Work to be completed: Copy each line of the entries that contains the word "Stdlib".

(Stored items)

**********

(* Let $\mathcal M=(\mathbf M^{(\lambda)})_{\lambda>0}$, $\mathbf M^{(\lambda)}=(M^{(\lambda)}_p)_{p\in\mathbb N_0}$, be a weight matrix in dimension $d=1$ such that for every $\lambda>0$: $(M^{(\lambda)}_p)^2\le M^{(\lambda)}_{p-1}M^{(\lambda)}_{p+1}$ for all $p\in\mathbb N$ and $\lim_{p\to\infty}(M^{(\lambda)}_p)^{1/p}=+\infty$. Assume moreover that $\mu^{(\lambda)}_p:=M^{(\lambda)}_p/M^{(\lambda)}_{p-1}$ ($p\in\mathbb N$), $\mu^{(\lambda)}_0:=1$, satisfy $\mu^{(\lambda)}_p\le\mu^{(\kappa)}_p$ for all $p$ whenever $0<\lambda\le\kappa$. Then the following are equivalent: (a) for every $j\in\mathbb N$ there exists $\ell\in\mathbb N$, $\ell>j$, such that $\sum_{k=1}^{\infty}e^{\omega_{\mathbf M^{(1/j)}}(jk^{1/2})-\omega_{\mathbf M^{(1/\ell)}}(\ell k^{1/2})}<+\infty$; (b) for every $\lambda>0$ there exist $0<\kappa<\lambda$ and $A\ge1$ such that $M^{(\kappa)}_{p+1}\le A^{p+1}M^{(\lambda)}_p$ for all $p\in\mathbb N$.
   Context: A weight matrix (here $d=1$) is a family $(\mathbf M^{(\lambda)})_{\lambda>0}$ of sequences of positive reals $(M^{(\lambda)}_p)_{p\in\mathbb N_0}$ with $M^{(\lambda)}_0=1$ and $M^{(\lambda)}_p\le M^{(\kappa)}_p$ for all $p$ whenever $0<\lambda\le\kappa$. The associated function of $\mathbf M=(M_p)$ is $\omega_{\mathbf M}(t)=\sup_{p\in\mathbb N_0}\log\frac{|t|^p}{M_p}$ (with $0^0=1$). *)

From Stdlib Require Import Reals.
From Coquelicot Require Import Coquelicot.
Open Scope R_scope.

Definition weight_matrix (M : R -> nat -> R) : Prop :=
  (forall lam, 0 < lam -> M lam 0%nat = 1) /\
  (forall lam p, 0 < lam -> 0 < M lam p) /\
  (forall lam kap p, 0 < lam -> lam <= kap -> M lam p <= M kap p).
Lemma is_derive_Cdot (f g : R -> C) (x : R) (df dg : C) :
  C_is_derive f x df -> C_is_derive g x dg ->
  is_derive (fun t => Cdot (f t) (g t)) x (Cdot df (g x) + Cdot (f x) dg).
Proof.
  intros [HfRe HfIm] [HgRe HgIm].
  replace (Cdot df (g x) + Cdot (f x) dg) with
    ((Re df * Re (g x) + Re (f x) * Re dg) + (Im df * Im (g x) + Im (f x) * Im dg))
    by (unfold Cdot; ring).
  apply is_derive_Rplus; apply Derive.is_derive_mult; assumption.
Qed.

Lemma vec2_is_derive_mulmv2 (M : mat2) (w : R -> vec2) (x : R) (l : vec2) :
  vec2_is_derive w x l -> vec2_is_derive (fun t => mulmv2 M (w t)) x (mulmv2 M l).
Proof. intros [H1 H2]; split; apply C_is_derive_lincomb; assumption. Qed.

Lemma is_derive_vnormsq (w : R -> vec2) (x : R) (l : vec2) :
  vec2_is_derive w x l -> is_derive (fun t => vnormsq (w t)) x (2 * vdot (w x) l).
Proof.
  intros [H1 H2].
  replace (2 * vdot (w x) l) with
    ((Cdot (fst l) (fst (w x)) + Cdot (fst (w x)) (fst l)) +
     (Cdot (snd l) (snd (w x)) + Cdot (snd (w x)) (snd l)))
    by (unfold vdot, Cdot; ring).
  apply is_derive_Rplus; apply is_derive_Cdot; assumption.
Qed.

Definition vec2_reflect_at_1 (y : R -> vec2) (t : R) : vec2 :=
  ((reflect_at_1 (fun s => Re (fst (y s))) t, reflect_at_1 (fun s => Im (fst (y s))) t),
   (reflect_at_1 (fun s => Re (snd (y s))) t, reflect_at_1 (fun s => Im (snd (y s))) t)).

Lemma vec2_reflect_at_1_le (y : R -> vec2) (t : R) : t <= 1 -> vec2_reflect_at_1 y t = y t.
Proof.
  intros Ht; unfold vec2_reflect_at_1; rewrite !reflect_at_1_le by exact Ht.
  destruct (y t) as [[? ?] [? ?]]; reflexivity.
Qed.

Lemma vec2_is_derive_reflect_at_1 (y y' : R -> vec2) (x : R) :
  deriv_on01 y y' -> in01 x -> vec2_is_derive (vec2_reflect_at_1 y) x (y' x).
Proof.
  intros [Hfst Hsnd] Hx.
  destruct (C_deriv_on01_Re_Im _ _ Hfst) as [H1 H2].
  destruct (C_deriv_on01_Re_Im _ _ Hsnd) as [H3 H4].
  split; split;
    [exact (is_derive_reflect_at_1 _ _ x H1 Hx) | exact (is_derive_reflect_at_1 _ _ x H2 Hx)
    |exact (is_derive_reflect_at_1 _ _ x H3 Hx) | exact (is_derive_reflect_at_1 _ _ x H4 Hx)].
Qed.

Lemma nonincreasing_of_derive_nonpos (F dF : R -> R) (a b : R) :
  (forall x, a <= x <= b -> is_derive F x (dF x)) ->
  (forall x, a <= x <= b -> dF x <= 0) -> a <= b -> F b <= F a.
Proof.
  intros HF HdF Hab.
  destruct (MVT_gen F a b dF) as [c [Hc HMVT]];
    rewrite ?Rmin_left, ?Rmax_right in * by exact Hab.
  - intros x Hx; apply HF; lra.
  - intros x Hx; apply continuity_pt_filterlim, (ex_derive_continuous (V := R_NormedModule)).
    exists (dF x); apply HF; exact Hx.
  - pose proof (HdF c Hc); nra.
Qed.
Lemma qinterp_qSwap_fresh (X : QT) xs c a : qGood X -> ~ qFree xs c X -> ~ qFree xs a X ->
  qinterp (qSwap xs c a X) = qinterp X.
Proof. intros G Hc Ha. rewrite qinterp_qSwap; auto. apply (proj1 qinterp_subst_props); auto. Qed.

Lemma qinterp_qPsubst_congr_gen :
  (forall (X : QT) (rho rho' : Rho),
    (forall ws w, qFree ws w X -> qinterp (rho ws w) = qinterp (rho' ws w) /\
        (forall ns n, qFree ns n (rho ws w) <-> qFree ns n (rho' ws w))) ->
    qinterp (qPsubst rho X) = qinterp (qPsubst rho' X)) /\
  (forall (A : QA) (rho rho' : Rho),
    (forall ws w, qFreeAbs ws w A -> qinterp (rho ws w) = qinterp (rho' ws w) /\
        (forall ns n, qFree ns n (rho ws w) <-> qFree ns n (rho' ws w))) ->
    qinterpAbs (qPsubstAbs rho A) = qinterpAbs (qPsubstAbs rho' A)).
Proof.
  apply qterm_qabs_ind; intros.
  - apply H; simpl; auto.
  - rewrite !qPsubst_qOp. simpl. f_equal; apply functional_extensionality; intro i.
    + destruct (inp i) eqn:E; auto. f_equal. apply (H i _ E).
      intros; apply H1; simpl; left; exists i; rewrite E; auto.
    + destruct (binp i) eqn:E; auto. f_equal. apply (H0 i _ E).
      intros; apply H1; simpl; right; exists i; rewrite E; auto.
  - rewrite !qPsubstAbs_qAbs.
    assert (E : subst_binder rho xs x X = subst_binder rho' xs x X).
    { unfold subst_binder. apply epsilon_ext. intro z. split; intros Hz ws w Hw.
      - rewrite <- (proj2 (H0 _ _ Hw)). auto.
      - rewrite (proj2 (H0 _ _ Hw)). auto. }
    rewrite E. simpl. f_equal. apply H. intros ws w Hw. upd_cases ws w xs x.
    + split; tauto.
    + apply H0. simpl. split; auto.
Qed.
Lemma right_dini_le_slope_co g a b D : a <= b -> {within `[a, b], continuous g} ->
  (forall t, a <= t < b -> right_dini_le g t D) -> g b - g a <= D * (b - a).
Proof.
move=> ab gc dg; have [->|neq] := eqVneq a b; first by rewrite !subrr mulr0.
have ba0 : 0 < b - a by rewrite subr_gt0 lt_neqAle neq ab.
apply/ler_addgt0Pr => e e0; pose k := e / (b - a).
have k0 : 0 < k by rewrite divr_gt0.
(* a minimum of [H] on [a, b] can only sit at [b]: at any c < b the Dini
   estimate makes [H] decrease to the right of c *)
pose H s := g s - (D + k) * s.
have Hc : {within `[a, b], continuous H}.
  apply/subspace_continuousP => x xab; apply: cvgB.
    exact: (subspace_continuousP _ _).1 gc x xab.
  by apply: cvgM; [exact: cvg_cst | exact: cvg_within].
have [c cab Hmin] := EVT_min ab Hc.
have cb : c = b.
  apply/eqP; rewrite eq_le (itvP cab) leNgt; apply/negP => cb.
  have ac : a <= c by rewrite (itvP cab).
  have : \forall h \near 0^'+, [/\ 0 < h, h < b - c & g (c + h) - g c <= (D + k / 2) * h].
    near=> h; split; near: h; first exact: nbhs_right_gt.
      by apply: nbhs_right_lt; rewrite subr_gt0.
    by apply: dg; [rewrite ac cb | rewrite divr_gt0].
  case/filter_ex => h [h0 hbc gh].
  have := Hmin (c + h); rewrite in_itv /= (le_trans ac (ler_wpDr (ltW h0) (lexx c))).
  rewrite -lerBrDl (ltW hbc) => /(_ isT); rewrite /H.
  have : 0 < k / 2 * h by rewrite mulr_gt0 // divr_gt0.
  move: gh; lra.
have := Hmin a; rewrite in_itv /= lexx ab cb /H => /(_ isT).
have : k * (b - a) = e by rewrite /k divfK // gt_eqF.
lra.
Unshelve. all: by end_near. Qed.

Lemma right_dini_le_slope g a b D : a <= b -> {within `[a, b], continuous g} ->
  (forall t, a < t < b -> right_dini_le g t D) -> g b - g a <= D * (b - a).
Proof.
move=> ab gc dg; have [->|neq] := eqVneq a b; first by rewrite !subrr mulr0.
have ltab : a < b by rewrite lt_neqAle neq ab.
have [_ ga _] := (continuous_within_itvP _ ltab).1 gc.
rewrite -subr_le0; apply: (@cvgr_to_le _ a^'+ _ _ (fun x => g b - g x - D * (b - x))).
  apply: cvgB; first by apply: cvgB; [exact: cvg_cst | exact: ga].
  by apply: cvgM; [exact: cvg_cst | apply: cvgB; [exact: cvg_cst | exact: cvg_within]].
near=> x; have ax : a < x by near: x; exact: nbhs_right_gt.
have xb : x < b by near: x; exact: nbhs_right_lt.
rewrite subr_le0; apply: right_dini_le_slope_co (ltW xb) _ _.
  apply: continuous_subspaceW gc => y /=; rewrite !in_itv /= => /andP[xy ->].
  by rewrite (le_trans (ltW ax) xy).
by move=> t /andP[xt tb]; apply: dg; rewrite (lt_le_trans ax xt).
Unshelve. all: by end_near. Qed.

Lemma right_dini_leW g t D D' : D <= D' -> right_dini_le g t D -> right_dini_le g t D'.
Proof.
move=> DD' dg e /dg; apply: filter_app; near=> h => /le_trans; apply.
have h0 : 0 < h by near: h; exact: nbhs_right_gt.
by rewrite ler_pM2r // lerD2r.
Unshelve. all: by end_near. Qed.

Definition right_deriv (V : normedModType R) (u : R -> V) t (v : V) :=
  (fun h => h^-1 *: (u (t + h) - u t)) @ 0^'+ --> v.

Lemma right_deriv_cvg (V : normedModType R) (u : R -> V) t v :
  right_deriv u t v -> u (t + h) @[h --> 0^'+] --> u t.
Proof.
move=> du.
have : u t + h *: (h^-1 *: (u (t + h) - u t)) @[h --> 0^'+] --> u t + 0 *: v.
  apply: cvgD; first exact: cvg_cst.
  by apply: cvgZ => //; exact: cvg_within.
rewrite scale0r addr0; apply: cvg_trans; apply: near_eq_cvg; near=> h.
have h0 : 0 < h by near: h; exact: nbhs_right_gt.
by rewrite scalerA mulfV ?gt_eqF // scale1r addrC subrK.
Unshelve. all: by end_near. Qed.

Lemma right_dini_le_deriv g t L D : right_deriv g t L -> L <= D -> right_dini_le g t D.
Proof.
move=> /cvgr_lt gL LD e e0; have := gL (D + e); rewrite ltr_pwDr ?(le_lt_trans LD) //.
move=> /(_ isT); apply: filter_app; near=> h => /ltW.
have h0 : 0 < h by near: h; exact: nbhs_right_gt.
by rewrite -ler_pdivlMl ?invr_gt0 // invrK mulrC.
Unshelve. all: by end_near. Qed.

Lemma right_dini_le_powR g t D (q : R) : (forall s, 0 <= g s) -> 0 < g t -> 0 <= q <= 1 ->
  right_dini_le g t D -> right_dini_le (fun s => g s `^ q) t (q * g t `^ (q - 1) * D).
Proof.
move=> g0 gt0 hq dg e e0; set K := q * g t `^ (q - 1).
have K0 : 0 <= K by rewrite mulr_ge0 ?powR_ge0 //; case/andP: hq.
have /dg : 0 < e / (K + 1) by rewrite divr_gt0 // ltr_wpDl.
apply: filter_app; near=> h => gh.
have h0 : 0 < h by near: h; exact: nbhs_right_gt.
apply: le_trans (powR_le_tangent gt0 (g0 _) hq) _; rewrite -/K.
apply: le_trans (ler_wpM2l K0 gh) _.
rewrite mulrA ler_pM2r // mulrDr lerD2l mulrA ler_pdivrMr ?ltr_wpDl //.
by rewrite mulrC ler_pM2l // lerDl.
Unshelve. all: by end_near. Qed.

End RightDini.

Section InnerProduct.
Variables (R : realType) (V : normedModType R) (ip : V -> V -> R).
Hypothesis hip : is_inner_product ip.

Lemma ipC x y : ip x y = ip y x. Proof. by case: hip. Qed.
Lemma ipDl x y z : ip (x + y) z = ip x z + ip y z. Proof. by case: hip. Qed.
Lemma ipZl a x y : ip (a *: x) y = a * ip x y. Proof. by case: hip. Qed.
Lemma ipxx x : ip x x = `|x| ^+ 2. Proof. by case: hip. Qed.

Lemma ipDr x y z : ip x (y + z) = ip x y + ip x z.
Proof. by rewrite ipC ipDl ipC (ipC z). Qed.

Lemma ipZr a x y : ip x (a *: y) = a * ip x y.
Proof. by rewrite ipC ipZl ipC. Qed.

Lemma ipNl x y : ip (- x) y = - ip x y.
Proof. by rewrite -scaleN1r ipZl mulN1r. Qed.

Lemma ipNr x y : ip x (- y) = - ip x y.
Proof. by rewrite ipC ipNl ipC. Qed.

Lemma ipBl x y z : ip (x - y) z = ip x z - ip y z.
Proof. by rewrite ipDl ipNl. Qed.

Lemma ip_polar x y : ip x y = (`|x + y| ^+ 2 - `|x| ^+ 2 - `|y| ^+ 2) / 2.
Proof. by rewrite -!ipxx ipDl !ipDr (ipC y x); field. Qed.

Lemma cvg_ip T (F : set_system T) {FF : Filter F} (X Y : T -> V) x y :
  X @ F --> x -> Y @ F --> y -> ip (X t) (Y t) @[t --> F] --> ip x y.
Proof.
move=> cX cY; under eq_fun do rewrite ip_polar !expr2; rewrite ip_polar !expr2.
have cXY : X t + Y t @[t --> F] --> x + y by apply: cvgD.
by apply: cvgM; [apply: cvgB; [apply: cvgB|]; apply: cvgM; apply: cvg_norm|exact: cvg_cst].
Qed.
Definition T2 (kappa : R -> R) (m2 X E delta : R) : R :=
  let a := delta * kappa_inv kappa E in
  2 * RInt_gen
        (fun s => sqrt ((m2 / 2) / (E - kdelta kappa delta (s - X) - kdelta kappa delta (1 - s))))
        (at_right (X + a)) (at_left (1 - a)).

Definition slow (kappa : R -> R) (m1 m2 eps delta : R) (X V x1 v1 x2 v2 : R)
  : R * R * R * R :=
  (X, V / eps,
   m1 * v1 ^ 2 / 2 + kdelta kappa delta x1 + kdelta kappa delta (X - x1),
   m2 * v2 ^ 2 / 2 + kdelta kappa delta (x2 - X) + kdelta kappa delta (1 - x2)).

Definition Hdelta (kappa : R -> R) (eps delta : R) (X V x1 v1 x2 v2 : R)
  : R * R * R * R :=
  let W := V / eps in
  (W,
   - dkdelta kappa delta (X - x1) + dkdelta kappa delta (x2 - X),
   W * dkdelta kappa delta (X - x1),
   - W * dkdelta kappa delta (x2 - X)).

Definition Hbar (kappa : R -> R) (m1 m2 delta : R) (h : R * R * R * R) : R * R * R * R :=
  let '(X, W, E1, E2) := h in
  let f1 := sqrt (8 * m1 * E1) / T1 kappa m1 X E1 delta in
  let f2 := sqrt (8 * m2 * E2) / T2 kappa m2 X E2 delta in
  (W, f1 - f2, - W * f1, W * f2).

(* Hamilton's equations for the Hamiltonian
   M V^2/2 + m1 v1^2/2 + m2 v2^2/2 + k_d(x1) + k_d(X-x1) + k_d(x2-X) + k_d(1-x2) *)
Definition is_trajectory (kappa : R -> R) (m1 m2 M delta : R)
  (Xf Vf x1f v1f x2f v2f : R -> R) : Prop :=
  forall t,
    is_derive Xf t (Vf t) /\
    is_derive Vf t ((- dkdelta kappa delta (Xf t - x1f t)
                     + dkdelta kappa delta (x2f t - Xf t)) / M) /\
    is_derive x1f t (v1f t) /\
    is_derive v1f t ((- dkdelta kappa delta (x1f t)
                      + dkdelta kappa delta (Xf t - x1f t)) / m1) /\
    is_derive x2f t (v2f t) /\
    is_derive v2f t ((- dkdelta kappa delta (x2f t - Xf t)
                      + dkdelta kappa delta (1 - x2f t)) / m2).

Definition pr1 (h : R * R * R * R) : R := fst (fst (fst h)).
Definition pr2 (h : R * R * R * R) : R := snd (fst (fst h)).
Definition pr3 (h : R * R * R * R) : R := snd (fst h).
Definition pr4 (h : R * R * R * R) : R := snd h.

(* The piston stays a distance [a > 0] from both walls (compactness of [A]), [W] is bounded
   (compactness of [B]) and the energies below [kappa 0] bound the gas momenta. Each force
   acts only within [delta] of its source. For a gas particle with momentum [p = m v] at [x],
   the virial [p (x - delta)] has derivative at most [2 kappa 0 - (a - 2 delta) F], where
   [F >= 0] is its force on the piston; integrating gives [int F <= C (1 \/ (T - T'))].
   Every component of [H^delta] is [W], a difference of two piston forces, or [W] times one,
   which gives the estimate. *)

From Stdlib Require Import Reals Lra.
From Coquelicot Require Import Coquelicot.
Open Scope R_scope.

Lemma le_at_right_end (g : R -> R) (t0 t1 c : R) :
  continuous g t1 -> t0 < t1 -> (forall s, t0 <= s < t1 -> g s <= c) -> g t1 <= c.
Proof.
  intros Hg Ht Hle.
  apply (filterlim_le (F := at_left t1) g (fun _ => c) (g t1) c).
  - assert (Hgap : 0 < t1 - t0) by lra.
    exists (mkposreal _ Hgap); intros s Hs Hst.
    apply Hle; split; [|exact Hst].
    apply Rabs_lt_between' in Hs; simpl in Hs; lra.
  - apply (filterlim_filter_le_1 (F := locally t1)); [|exact Hg].
    intros P [e He]; exists e; intros s Hs _; exact (He s Hs).
  - apply filterlim_const.
Qed.

(* [ex_derive_continuous] specialised to [R -> R], where its implicit arguments are not inferred. *)
Lemma continuous_of_ex_derive (f : R -> R) (t : R) : ex_derive f t -> continuous f t.
Proof. exact (ex_derive_continuous f t). Qed.

Lemma ex_RInt_of_continuous (f : R -> R) (a b : R) :
  (forall t, continuous f t) -> ex_RInt f a b.
Proof. intros Hf; apply (ex_RInt_continuous (V := R_CompleteNormedModule)); intros; apply Hf. Qed.

Lemma RInt_le_of_continuous (f g : R -> R) (a b : R) : a <= b ->
  (forall t, continuous f t) -> (forall t, continuous g t) ->
  (forall t, a <= t <= b -> f t <= g t) -> RInt f a b <= RInt g a b.
Proof.
  intros Hab Hf Hg Hfg.
  apply RInt_le; [exact Hab | now apply ex_RInt_of_continuous
    | now apply ex_RInt_of_continuous | intros t Ht; apply Hfg; lra].
Qed.

Lemma RInt_of_is_derive (f df : R -> R) (a b : R) :
  (forall t, is_derive f t (df t)) -> (forall t, continuous df t) ->
  RInt df a b = f b - f a.
Proof.
  intros Hf Hdf.
  apply is_RInt_unique, (is_RInt_derive (V := R_CompleteNormedModule));
    intros; [apply Hf | apply Hdf].
Qed.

**********

Task output:
From Stdlib Require Import Reals.
From Stdlib Require Import Reals Lra.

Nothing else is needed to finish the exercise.